The recent association of cerebral venous thrombosis (CVT) with COVID-19 vaccinations prompted the current retrospective review of 74 cases of CVT (median age = 44 years, range 15-85; 61% females) associated with myeloproliferative neoplasms (MPNs), seen at the Mayo Clinic, Catholic University of Rome, and University of Florence, between 1991 and 2021. Disease-specific frequencies were 1.3% (39/2893), 1.2% (21/1811) and 0.2% (3/1888) for essential thrombocythemia, polycythemia vera and primary myelofibrosis, respectively. Cerebral venous thrombosis occurred either prior to (n = 20, 27%), at (n = 32, 44%) or after (n = 22) MPN diagnosis. A total of 72% of patients presented with headaches. Transverse (51%), sagittal (43%) and sigmoid sinuses (35%) were involved with central nervous system hemorrhage noted in 10 (14%) patients. In all, 91% of tested patients harbored JAK2V617F. An underlying thrombophilic condition was identified in 19 (31%) cases and history of thrombosis in 10 (14%). Treatment for CVT included systemic anticoagulation alone (n = 27) or in conjunction with aspirin (n = 24), cytoreductive therapy (n = 14), or both (n = 9). At a median follow-up of 5.1 years (range 0.1-28.6), recurrent CVT was documented in three (4%) patients while recurrent arterial and venous thromboses and major hemorrhage were recorded in 11%, 9% and 14%, respectively. Follow-up neurological assessment revealed headaches (n = 9), vision loss (n = 1) and cognitive impairment (n = 1). The current study lends clarity to MPN-associated CVT and highlights its close association with JAK2V617F, younger age and female gender. Clinical features that distinguish COVID vaccine-related CVT from MPN-associated CVT include, in the latter, lower likelihood of concurrent venous thromboses and intracerebral hemorrhage; as a result, MPN-associated CVT was not fatal.

Lower response to BNT162b2 vaccine in patients with myelofibrosis compared to polycythemia vera and essential thrombocythemia.

In a population of 42 Philadelphia negative myeloproliferative neoplasm patients, all on systemic active treatment, the likelihood of responding to anti-SARS-CoV-2 BNT162b2 vaccine at 2 weeks after the second dose was significantly lower in the ten patients with myelofibrosis compared to the 32 with essential thrombocythemia (n = 17) and polycythemia vera (n = 15) grouped together, both in terms of neutralizing anti-SARS-CoV-2 IgG titers and seroprotection rates (32.47 AU/mL vs 217.97 AU/mL, p = 0.003 and 60% vs 93.8%, p = 0.021, respectively). Ruxolitinib, which was the ongoing treatment in five patients with myelofibrosis and three with polycythemia vera, may be implicated in reducing vaccine immunogenicity (p = 0.076), though large prospective study is needed to address this issue.

Among classic myeloproliferative neoplasms, essential thrombocythemia is associated with the greatest risk of venous thromboembolism during COVID-19.

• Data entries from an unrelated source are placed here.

(* Vseq k = V_{k+1}:  V_1 = H,  V_n = < Ht_n, [H, V_{n-1}] > with
   Ht_n = < phi(g)(h)h^-1 : g in G, h in V_{n-1} > *)
Fixpoint Vseq {G H : Type} (mulH : H -> H -> H) (invH : H -> H) (oneH : H)
    (phi : G -> H -> H) (k : nat) : H -> Prop :=
  match k with
  | 0 => full
  | S k' =>
      let Vprev := Vseq mulH invH oneH phi k' in
      gen mulH invH oneH (fun x =>
        gen mulH invH oneH (twset mulH invH phi full Vprev) x \/
        commsub mulH invH oneH full Vprev x)
  end.

Definition sd_mul {G H : Type} (mulG : G -> G -> G) (mulH : H -> H -> H)
    (phi : G -> H -> H) (p q : H * G) : H * G :=
  (mulH (fst p) (phi (snd p) (fst q)), mulG (snd p) (snd q)).
Definition sd_inv {G H : Type} (invG : G -> G) (invH : H -> H)
    (phi : G -> H -> H) (p : H * G) : H * G :=
  (phi (invG (snd p)) (invH (fst p)), invG (snd p)).
Definition sd_one {G H : Type} (oneG : G) (oneH : H) : H * G := (oneH, oneG).

Definition sdset {G H : Type} (A : H -> Prop) (B : G -> Prop) : H * G -> Prop :=
  fun p => A (fst p) /\ B (snd p).

Definition restricts {G H : Type} (phi : G -> H -> H) (B : G -> Prop)
    (A : H -> Prop) : Prop :=
  forall g, B g ->
    (forall h, A h -> A (phi g h)) /\ (forall h, A h -> exists h', A h' /\ phi g h' = h).

From Pilot Require Import Defs.
Set Implicit Arguments.

(* Write tw g h = phi(g)(h) h^-1.  In H x|_phi G the H-coordinate of
   [(h,g),(h',g')] is h phi(g)(h') phi(g g' g^-1)(h)^-1 phi([g,g'])(h')^-1,
   a product of conjugates of tw g h', [h,h'], (tw (g g' g^-1) h)^-1 and
   (tw [g,g'] h')^-1.  As L_n and V_n are phi-invariant normal subgroups, induction
   on n puts the generating commutators of Gamma_{n+1} and of the n-th derived
   subgroup of the product into L_{n+1} x| Gamma_{n+1}(G), resp.
   V_{n+1} x| G^(n).  Conversely (tw g h, 1) = [(1,g),(h,1)], and the
   embeddings h |-> (h,1), g |-> (1,g) preserve commutators, so every
   generator of L_{n+1} x| Gamma_{n+1}(G) lies in Gamma_{n+1} of the product. *)

Definition is_subgroup {T : Type} (mul : T -> T -> T) (inv : T -> T) (one : T)
    (P : T -> Prop) : Prop :=
  P one /\ (forall x y, P x -> P y -> P (mul x y)) /\ (forall x, P x -> P (inv x)).

Definition is_normal {T : Type} (mul : T -> T -> T) (inv : T -> T)
    (P : T -> Prop) : Prop :=
  forall x y, P y -> P (mul (mul x y) (inv x)).

Section GroupIdentities.
Variables (T : Type) (mul : T -> T -> T) (inv : T -> T) (one : T).
Hypothesis hT : is_group mul inv one.

Lemma mulgA x y z : mul x (mul y z) = mul (mul x y) z. Proof. apply hT. Qed.
Lemma mul1g x : mul one x = x. Proof. apply hT. Qed.
Lemma mulg1 x : mul x one = x. Proof. apply hT. Qed.
Lemma mulVg x : mul (inv x) x = one. Proof. apply hT. Qed.
Lemma mulgV x : mul x (inv x) = one. Proof. apply hT. Qed.

Lemma mulKg x y : mul (inv x) (mul x y) = y.
Proof. rewrite mulgA, mulVg, mul1g. reflexivity. Qed.

Lemma mulKVg x y : mul x (mul (inv x) y) = y.
Proof. rewrite mulgA, mulgV, mul1g. reflexivity. Qed.

Lemma invg_unique x y : mul x y = one -> y = inv x.
Proof. intro E. rewrite <- (mulKg x y), E, mulg1. reflexivity. Qed.

Lemma invgK x : inv (inv x) = x.
Proof. symmetry. apply invg_unique, mulVg. Qed.

Lemma invMg x y : inv (mul x y) = mul (inv y) (inv x).
Proof. symmetry. apply invg_unique. rewrite <- mulgA, mulKVg, mulgV. reflexivity. Qed.

Lemma invg1 : inv one = one.
Proof. symmetry. apply invg_unique, mul1g. Qed.

End GroupIdentities.

Ltac gsimpl hT := repeat progress (rewrite ?(invMg hT), ?(invgK hT), ?(invg1 hT);
  rewrite <- ?(mulgA hT);
  rewrite ?(mulKVg hT), ?(mulKg hT), ?(mulgV hT), ?(mulVg hT), ?(mul1g hT), ?(mulg1 hT)).

Section Subgroups.
Variables (T : Type) (mul : T -> T -> T) (inv : T -> T) (one : T).
Hypothesis hT : is_group mul inv one.
Local Notation comm := (comm mul inv).
Local Notation gen := (gen mul inv one).
Local Notation subgroup := (is_subgroup mul inv one).

Lemma invg_comm x y : inv (comm x y) = comm y x.
Proof. unfold Defs.comm. gsimpl hT. reflexivity. Qed.

Lemma conjg_comm x y : mul (mul x y) (inv x) = mul (comm x y) y.
Proof. unfold Defs.comm. gsimpl hT. reflexivity. Qed.

Lemma full_subgroup : subgroup full.
Proof. repeat split. Qed.

Lemma gen_subgroup S : subgroup (gen S).
Proof. split; [apply gen_one | split; [apply gen_mul | apply gen_inv]]. Qed.

Lemma gen_minimal S P : subgroup P -> (forall x, S x -> P x) ->
  forall x, gen S x -> P x.
Proof. intros [P1 [PM PV]] HS x Hx. induction Hx; auto. Qed.

Lemma comm_closed_normal P : subgroup P -> (forall x y, P y -> P (comm x y)) ->
  is_normal mul inv P.
Proof.
  intros [_ [PM _]] Pc x y Py. rewrite conjg_comm. apply PM; auto.
Qed.

End Subgroups.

In a multicenter European retrospective study including 162 patients with COVID-19 occurring in essential thrombocythemia (ET, n = 48), polycythemia vera (PV, n = 42), myelofibrosis (MF, n = 56), and prefibrotic myelofibrosis (pre-PMF, n = 16), 15 major thromboses (3 arterial and 12 venous) were registered in 14 patients, of whom all, but one, were receiving LMW-heparin prophylaxis. After adjustment for the competing risk of death, the cumulative incidence of arterial and venous thromboembolic events (VTE) reached 8.5% after 60 days follow-up. Of note, 8 of 12 VTE were seen in ET. Interestingly, at COVID-19 diagnosis, MPN patients had significantly lower platelet count (p < 0.0001) than in the pre-COVID last follow-up.This decline was remarkably higher in ET (-23.3%, p < 0.0001) than in PV (-16.4%, p = 0.1730) and was associated with higher mortality rate (p = 0.0010) for pneumonia. The effects of possible predictors of thrombosis, selected from those clinically relevant and statistically significant in univariate analysis, were examined in a multivariate model. Independent risk factors were transfer to ICU (SHR = 3.73, p = 0.029), neutrophil/lymphocyte ratio (SHR = 1.1, p = 0.001) and ET phenotype (SHR = 4.37, p = 0.006). The enhanced susceptibility to ET-associated VTE and the associated higher mortality for pneumonia may recognize a common biological plausibility and deserve to be delved to tailor new antithrombotic regimens including antiplatelet drugs.